Among the entries below, extract exactly the lines that run from the one with "dot a a * dot" through the one with "Rabs (Defs.c2 a", both ends included.

+++++

Lemma hderiv_ren_w s n Ra Ga Da R G D y z :
  hderiv s n (Ra ++ R) (Ga ++ G) (Da ++ D) -> ~ In y (wlabels R G D) ->
  hderiv s n (map (ren_ratom (ren_w y z) id) Ra ++ R)
    (map (ren_lform (ren_w y z) id) Ga ++ G) (map (ren_lform (ren_w y z) id) Da ++ D).
Proof.
  intros H Hy. destruct (ren_w_unused y z R G D Hy) as (E1 & E2 & E3).
  pose proof (hderiv_ren _ _ _ _ _ H (ren_w y z) id) as H'.
  rewrite !map_app, E1, E2, E3 in H'. exact H'.
Qed.
Lemma hderiv_ren_n s n Ra Ga Da R G D b c :
  hderiv s n (Ra ++ R) (Ga ++ G) (Da ++ D) -> ~ In b (nlabels R G D) ->
  hderiv s n (map (ren_ratom id (ren_n b c)) Ra ++ R)
    (map (ren_lform id (ren_n b c)) Ga ++ G) (map (ren_lform id (ren_n b c)) Da ++ D).
Proof.
  intros H Hb. destruct (ren_n_unused b c R G D Hb) as (E1 & E2 & E3).
  pose proof (hderiv_ren _ _ _ _ _ H id (ren_n b c)) as H'.
  rewrite !map_app, E1, E2, E3 in H'. exact H'.
Qed.

Definition eigen_avoid (e : eigen) (AW : list wlab) (AN : list nlab) : Prop :=
  match e with NoEigen => True | EigenW x => ~ In x AW | EigenN a => ~ In a AN end.
(* (1) For all $(x,v)\in\mathbb R^3_0\times\mathbb R^3$, $\nabla_xV(x,v)\cdot v + \nabla_vV(x,v)\cdot(-\mu x/|x|^3)=0$, where $\nabla_x V= k_1 v\times\Delta L + k_2\big(v\times(\Delta A\times v)-\tfrac{\mu}{|x|}\Delta A+\tfrac{\mu}{|x|^3}xx^T\Delta A\big)$ and $\nabla_v V = k_1\Delta L\times x + k_2\big((x\times v)\times\Delta A + x\times(v\times\Delta A)\big)$, with $\Delta L=L(x,v)-L_0$, $\Delta A=A(x,v)-A_0$. (2) For any $c$ with $0<c<\min\{k_1|L_0|^2/2,\ k_2(\mu-|A_0|)^2/2\}$, the set $V^{-1}([0,c])$ is a compact subset of $\mathbb R^3_0\times\mathbb R^3$.
   Context: $\mathbb R^3_0=\mathbb R^3\setminus\{0\}$, $\mu>0$. $L(x,v)=x\times v$ (angular momentum) and $A(x,v)=v\times(x\times v)-\mu x/|x|$ (Laplace–Runge–Lenz vector). Fix $L_0,A_0\in\mathbb R^3$ with $L_0\perp A_0$, $L_0\ne0$, $|A_0|<\mu$. With $k_1,k_2>0$, $V(x,v)=\tfrac{k_1}{2}|L(x,v)-L_0|^2+\tfrac{k_2}{2}|A(x,v)-A_0|^2$ on $\mathbb R^3_0\times\mathbb R^3$. *)

From Stdlib Require Import Reals Lra List.
Open Scope R_scope.

Record vec3 := mk3 { c1 : R; c2 : R; c3 : R }.

Definition vadd (a b : vec3) : vec3 := mk3 (c1 a + c1 b) (c2 a + c2 b) (c3 a + c3 b).
Definition vscale (s : R) (a : vec3) : vec3 := mk3 (s * c1 a) (s * c2 a) (s * c3 a).
Definition vopp (a : vec3) : vec3 := vscale (-1) a.
Definition vsub (a b : vec3) : vec3 := vadd a (vopp b).
Definition vzero : vec3 := mk3 0 0 0.
Definition dot (a b : vec3) : R := c1 a * c1 b + c2 a * c2 b + c3 a * c3 b.
Definition cross (a b : vec3) : vec3 :=
  mk3 (c2 a * c3 b - c3 a * c2 b)
      (c3 a * c1 b - c1 a * c3 b)
      (c1 a * c2 b - c2 a * c1 b).
Definition vnorm (a : vec3) : R := sqrt (dot a a).

Definition Lvec (x v : vec3) : vec3 := cross x v.
Definition Avec (mu : R) (x v : vec3) : vec3 :=
  vsub (cross v (cross x v)) (vscale (mu / vnorm x) x).

Definition Vfun (mu k1 k2 : R) (L0 A0 : vec3) (x v : vec3) : R :=
  k1 / 2 * (vnorm (vsub (Lvec x v) L0)) ^ 2
  + k2 / 2 * (vnorm (vsub (Avec mu x v) A0)) ^ 2.

(* The claimed gradients (x x^T dA written as x (x . dA)) *)
Definition gradx_V (mu k1 k2 : R) (L0 A0 : vec3) (x v : vec3) : vec3 :=
  let dL := vsub (Lvec x v) L0 in
  let dA := vsub (Avec mu x v) A0 in
  vadd (vscale k1 (cross v dL))
       (vscale k2 (vadd (vadd (cross v (cross dA v)) (vscale (- (mu / vnorm x)) dA))
                        (vscale (mu / (vnorm x ^ 3) * dot x dA) x))).

Definition gradv_V (mu k1 k2 : R) (L0 A0 : vec3) (x v : vec3) : vec3 :=
  let dL := vsub (Lvec x v) L0 in
  let dA := vsub (Avec mu x v) A0 in
  vadd (vscale k1 (cross dL x))
       (vscale k2 (vadd (cross (cross x v) dA) (cross x (cross v dA)))).

Definition pdist (p q : vec3 * vec3) : R :=
  sqrt (dot (vsub (fst p) (fst q)) (vsub (fst p) (fst q))
        + dot (vsub (snd p) (snd q)) (vsub (snd p) (snd q))).

Definition open6 (U : vec3 * vec3 -> Prop) : Prop :=
  forall p, U p -> exists eps, 0 < eps /\ forall q, pdist p q < eps -> U q.

Definition compact6 (S : vec3 * vec3 -> Prop) : Prop :=
  forall (I : Type) (U : I -> vec3 * vec3 -> Prop),
    (forall i, open6 (U i)) ->
    (forall p, S p -> exists i, U i p) ->
    exists l : list I, forall p, S p -> exists i, In i l /\ U i p.

(* V is assembled from the angular momentum L and the Laplace-Runge-Lenz vector A, both
   first integrals of the Kepler field (x' = v, v' = -mu x / |x|^3); once the directional
   derivatives of V are computed by product rules for [cross] and [dot], the identity in (1)
   is the algebraic trace of this, using only mu / |x|^3 * |x|^2 = mu / |x|.

   For (2), on {V <= c} the bound on c gives |L - L0| < |L0| and |A - A0| < mu - |A0|, so |L|
   is bounded away from 0 and |A| stays below mu. The Kepler identities
   x . A = |L|^2 - mu |x| and v x L = A + mu x / |x| then confine |x| to a compact
   subinterval of (0, +oo) and bound |v|. The sublevel set is therefore bounded and, V being
   continuous away from x = 0, closed in R^6; Heine-Borel is obtained from the gauge
   compactness of boxes through a Lebesgue number and a finite grid. *)

From Pilot Require Import Defs.
From Stdlib Require Import Reals Lra List Classical ClassicalEpsilon.
From Coquelicot Require Import Coquelicot.
Open Scope R_scope.

(** * Vector algebra *)

Lemma dot_self_ge0 a : 0 <= dot a a.
Proof. unfold dot; nra. Qed.

Lemma dot_self_gt0 x : x <> vzero -> 0 < dot x x.
Proof.
  destruct x as [a b c]; unfold dot; simpl; intro Hx.
  destruct (Req_dec a 0), (Req_dec b 0), (Req_dec c 0);
    try (subst; exfalso; apply Hx; reflexivity); nra.
Qed.

Lemma vnorm_ge0 a : 0 <= vnorm a.
Proof. apply sqrt_pos. Qed.

Lemma vnorm_gt0 x : x <> vzero -> 0 < vnorm x.
Proof. intro Hx; apply sqrt_lt_R0, dot_self_gt0, Hx. Qed.

Lemma vnorm_sq a : vnorm a ^ 2 = dot a a.
Proof. apply pow2_sqrt, dot_self_ge0. Qed.

Lemma vsub_vzero a : vsub a vzero = a.
Proof. destruct a; unfold vsub, vadd, vopp, vscale, vzero; simpl; f_equal; ring. Qed.

Lemma line_at_0 x w : vadd x (vscale 0 w) = x.
Proof. destruct x, w; unfold vadd, vscale; simpl; f_equal; ring. Qed.

Lemma vnorm_vzero : vnorm vzero = 0.
Proof. unfold vnorm, dot, vzero; simpl; rewrite Rmult_0_l, !Rplus_0_l; apply sqrt_0. Qed.

Lemma lagrange_identity a b :
  dot a a * dot b b - dot a b ^ 2 = dot (cross a b) (cross a b).
Proof. destruct a, b; unfold dot, cross; simpl; ring. Qed.

Lemma le_of_sq_le a b : a ^ 2 <= b ^ 2 -> 0 <= b -> a <= b.
Proof. intros; apply Rsqr_incr_0_var; unfold Rsqr; lra. Qed.

Lemma dot_le_vnorm a b : dot a b <= vnorm a * vnorm b.
Proof.
  apply le_of_sq_le; [|apply Rmult_le_pos; apply vnorm_ge0].
  rewrite Rpow_mult_distr, !vnorm_sq.
  pose proof (lagrange_identity a b); pose proof (dot_self_ge0 (cross a b)); lra.
Qed.

Lemma vnorm_opp a : vnorm (vopp a) = vnorm a.
Proof. unfold vnorm; f_equal; destruct a; unfold dot, vopp, vscale; simpl; ring. Qed.

Lemma dot_ge_opp_vnorm a b : - (vnorm a * vnorm b) <= dot a b.
Proof.
  rewrite <- (vnorm_opp a).
  replace (dot a b) with (- dot (vopp a) b)
    by (destruct a, b; unfold dot, vopp, vscale; simpl; ring).
  pose proof (dot_le_vnorm (vopp a) b); lra.
Qed.

Lemma vnorm_add_le a b : vnorm (vadd a b) <= vnorm a + vnorm b.
Proof.
  pose proof (vnorm_ge0 a); pose proof (vnorm_ge0 b); pose proof (dot_le_vnorm a b).
  apply le_of_sq_le; [|lra].
  rewrite vnorm_sq.
  replace (dot (vadd a b) (vadd a b)) with (dot a a + 2 * dot a b + dot b b)
    by (destruct a, b; unfold dot, vadd; simpl; ring).
  rewrite <- !vnorm_sq; nra.
Qed.

Lemma vnorm_le_add_sub a b : vnorm a <= vnorm b + vnorm (vsub a b).
Proof.
  replace a with (vadd b (vsub a b)) at 1
    by (destruct a, b; unfold vsub, vadd, vopp, vscale; simpl; f_equal; ring).
  apply vnorm_add_le.
Qed.

Lemma vnorm_subC a b : vnorm (vsub a b) = vnorm (vsub b a).
Proof. unfold vnorm; f_equal; destruct a, b; unfold dot, vsub, vadd, vopp, vscale; simpl; ring. Qed.

Lemma vnorm_scale s a : vnorm (vscale s a) = Rabs s * vnorm a.
Proof.
  unfold vnorm; rewrite <- sqrt_Rsqr_abs, <- sqrt_mult by (apply Rle_0_sqr || apply dot_self_ge0).
  f_equal; destruct a; unfold dot, vscale, Rsqr; simpl; ring.
Qed.

Lemma vnorm_cross_orth a b : dot a b = 0 -> vnorm (cross a b) = vnorm a * vnorm b.
Proof.
  intros Hab; unfold vnorm; rewrite <- sqrt_mult by apply dot_self_ge0.
  f_equal; rewrite <- lagrange_identity, Hab; ring.
Qed.

Lemma abs_coord_sub_le_vnorm a b :
  Rabs (Defs.c1 a - Defs.c1 b) <= vnorm (vsub a b) /\
  Rabs (Defs.c2 a - Defs.c2 b) <= vnorm (vsub a b) /\
  Rabs (Defs.c3 a - Defs.c3 b) <= vnorm (vsub a b).
Proof.
  destruct a as [a1 a2 a3], b as [b1 b2 b3]; unfold vnorm, dot, vsub, vadd, vopp, vscale; simpl.
  pose proof (Rle_0_sqr (a1 - b1)); pose proof (Rle_0_sqr (a2 - b2));
    pose proof (Rle_0_sqr (a3 - b3)); unfold Rsqr in *.
  repeat split; rewrite <- sqrt_Rsqr_abs; apply sqrt_le_1_alt; unfold Rsqr;
    replace (a1 + -1 * b1) with (a1 - b1) by ring; replace (a2 + -1 * b2) with (a2 - b2) by ring;
    replace (a3 + -1 * b3) with (a3 - b3) by ring; lra.
Qed.

Lemma Vfun_dot mu k1 k2 L0 A0 x v : Vfun mu k1 k2 L0 A0 x v =
  k1 / 2 * dot (vsub (Lvec x v) L0) (vsub (Lvec x v) L0)
  + k2 / 2 * dot (vsub (Avec mu x v) A0) (vsub (Avec mu x v) A0).
Proof. unfold Vfun; rewrite !vnorm_sq; reflexivity. Qed.

Lemma Vfun_ge0 mu k1 k2 L0 A0 x v : 0 < k1 -> 0 < k2 -> 0 <= Vfun mu k1 k2 L0 A0 x v.
Proof.
  intros; unfold Vfun.
  pose proof (pow2_ge_0 (vnorm (vsub (Lvec x v) L0)));
    pose proof (pow2_ge_0 (vnorm (vsub (Avec mu x v) A0))); nra.
Qed.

+++++

Your solution:
  dot a a * dot b b - dot a b ^ 2 = dot (cross a b) (cross a b).
Proof. destruct a, b; unfold dot, cross; simpl; ring. Qed.

Lemma le_of_sq_le a b : a ^ 2 <= b ^ 2 -> 0 <= b -> a <= b.
Proof. intros; apply Rsqr_incr_0_var; unfold Rsqr; lra. Qed.

Lemma dot_le_vnorm a b : dot a b <= vnorm a * vnorm b.
Proof.
  apply le_of_sq_le; [|apply Rmult_le_pos; apply vnorm_ge0].
  rewrite Rpow_mult_distr, !vnorm_sq.
  pose proof (lagrange_identity a b); pose proof (dot_self_ge0 (cross a b)); lra.
Qed.

Lemma vnorm_opp a : vnorm (vopp a) = vnorm a.
Proof. unfold vnorm; f_equal; destruct a; unfold dot, vopp, vscale; simpl; ring. Qed.

Lemma dot_ge_opp_vnorm a b : - (vnorm a * vnorm b) <= dot a b.
Proof.
  rewrite <- (vnorm_opp a).
  replace (dot a b) with (- dot (vopp a) b)
    by (destruct a, b; unfold dot, vopp, vscale; simpl; ring).
  pose proof (dot_le_vnorm (vopp a) b); lra.
Qed.

Lemma vnorm_add_le a b : vnorm (vadd a b) <= vnorm a + vnorm b.
Proof.
  pose proof (vnorm_ge0 a); pose proof (vnorm_ge0 b); pose proof (dot_le_vnorm a b).
  apply le_of_sq_le; [|lra].
  rewrite vnorm_sq.
  replace (dot (vadd a b) (vadd a b)) with (dot a a + 2 * dot a b + dot b b)
    by (destruct a, b; unfold dot, vadd; simpl; ring).
  rewrite <- !vnorm_sq; nra.
Qed.

Lemma vnorm_le_add_sub a b : vnorm a <= vnorm b + vnorm (vsub a b).
Proof.
  replace a with (vadd b (vsub a b)) at 1
    by (destruct a, b; unfold vsub, vadd, vopp, vscale; simpl; f_equal; ring).
  apply vnorm_add_le.
Qed.

Lemma vnorm_subC a b : vnorm (vsub a b) = vnorm (vsub b a).
Proof. unfold vnorm; f_equal; destruct a, b; unfold dot, vsub, vadd, vopp, vscale; simpl; ring. Qed.

Lemma vnorm_scale s a : vnorm (vscale s a) = Rabs s * vnorm a.
Proof.
  unfold vnorm; rewrite <- sqrt_Rsqr_abs, <- sqrt_mult by (apply Rle_0_sqr || apply dot_self_ge0).
  f_equal; destruct a; unfold dot, vscale, Rsqr; simpl; ring.
Qed.

Lemma vnorm_cross_orth a b : dot a b = 0 -> vnorm (cross a b) = vnorm a * vnorm b.
Proof.
  intros Hab; unfold vnorm; rewrite <- sqrt_mult by apply dot_self_ge0.
  f_equal; rewrite <- lagrange_identity, Hab; ring.
Qed.

Lemma abs_coord_sub_le_vnorm a b :
  Rabs (Defs.c1 a - Defs.c1 b) <= vnorm (vsub a b) /\
  Rabs (Defs.c2 a - Defs.c2 b) <= vnorm (vsub a b) /\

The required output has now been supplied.